* MATERIAL FOR THIS EXERCISE:
»»
Lemma reducible_tie A B l0 l m : l0.1 != l.1 ->
  cancel_len (rev (sval (img A B l0))) (sval (img A B l)) = m ->
  cancel_len (rev (sval (img A B l))) (sval (img A B l0)) = m ->
  size (sval (img A B l)) = (2 * m)%N -> (2 * m <= size (sval (img A B l0)))%N -> 0 < m ->
  reducible A B.
Proof.
wlog gen_l0 : A B l0 l / l0.1 = false => [hwlog|].
  have [|] := eqVneq l0.1 false; first exact: hwlog.
  case: l0 l => [[] s0] [g s] //= _ gen_l *; apply: reducible_swap.
  by apply: (hwlog B A (false, s0) (~~ g, s)); rewrite ?(img_swap A B) /= ?negbK //; case: g gen_l.
case: l0 gen_l0 => _ s0 /= ->; case: l => [[] s] //= _.
set p := sval (img A B (true, s)); set b := sval (img A B (false, s0)).
move=> cbp cpb sz_p le_b m_gt0.
have red_p : reducedb p by rewrite /p; case: img.
have red_b : reducedb b by rewrite /b; case: img.
apply: (@reducible_of_tie _ _ s0 s (mkFG (take m p)) (mkFG (drop m p))
  (mkFG (take (size b - 2 * m) (drop m b)))).
- by rewrite -mkFG_cat cat_take_drop -/p mkFG_val.
- by rewrite -[LHS]mkFG_val -/b {1}(tie_split cbp cpb) // !mkFG_cat !mkFG_winv mulgA.
all: rewrite -?(len_img A B (true, s)) -?(len_img A B (false, s0)) !len_mkFG
  ?reducedb_take ?reducedb_drop //.
all: rewrite ?size_takel ?size_drop /len -/p -/b; lia.
Qed.

Lemma homxy_commute A B : (forall l l', commute (img A B l) (img A B l')) ->
  forall g h, commute (homxy A B g) (homxy A B h).
Proof.
move=> img_comm g h; apply: commute_prod => l _; apply/commute_sym.
by apply: commute_prod => l' _; apply: img_comm.
Qed.

Lemma generates_neq1 A B : generates A B -> A != 1 /\ B != 1.
Proof.
have noncomm C D : (forall l l', commute (img C D l) (img C D l')) -> ~ generates C D.
  move=> /homxy_commute comm [g [h [gX hY]]]; have := comm g h.
  by rewrite /commute gX hY; apply/eqP; apply: gxy_neq_gyx.
split; apply/eqP => eq1; apply: (noncomm A B) => //; rewrite eq1 => -[[] []] [[] []];
  by rewrite /commute /img /= ?invg1 ?mulg1 ?mul1g ?mulgV ?mulVg.
Qed.

Lemma len_eq1 u : len u = 1%N -> exists a, u = img gx gy a.
Proof. by case: u => -[|a []] // ur _; exists a; rewrite img_gxgy; apply: val_inj. Qed.

Lemma img_confined A B l b : (if l.1 then B else A) = img gx gy b ->
  all (fun c : letter => c.1 == b.1) (sval (img A B l)).
Proof. by case: l => g [] /= eqb; rewrite /img /= eqb ?val_invg img_gxgy /= eqxx. Qed.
««
* EXERCISE REQUIREMENTS: Could you restate, word for word, the lines above from the one with "have noncomm C" to the one with "Lemma img_confined A", both included?

* ANSWER TO THE PROBLEM:
have noncomm C D : (forall l l', commute (img C D l) (img C D l')) -> ~ generates C D.
  move=> /homxy_commute comm [g [h [gX hY]]]; have := comm g h.
  by rewrite /commute gX hY; apply/eqP; apply: gxy_neq_gyx.
split; apply/eqP => eq1; apply: (noncomm A B) => //; rewrite eq1 => -[[] []] [[] []];
  by rewrite /commute /img /= ?invg1 ?mulg1 ?mul1g ?mulgV ?mulVg.
Qed.

Lemma len_eq1 u : len u = 1%N -> exists a, u = img gx gy a.
Proof. by case: u => -[|a []] // ur _; exists a; rewrite img_gxgy; apply: val_inj. Qed.

Lemma img_confined A B l b : (if l.1 then B else A) = img gx gy b ->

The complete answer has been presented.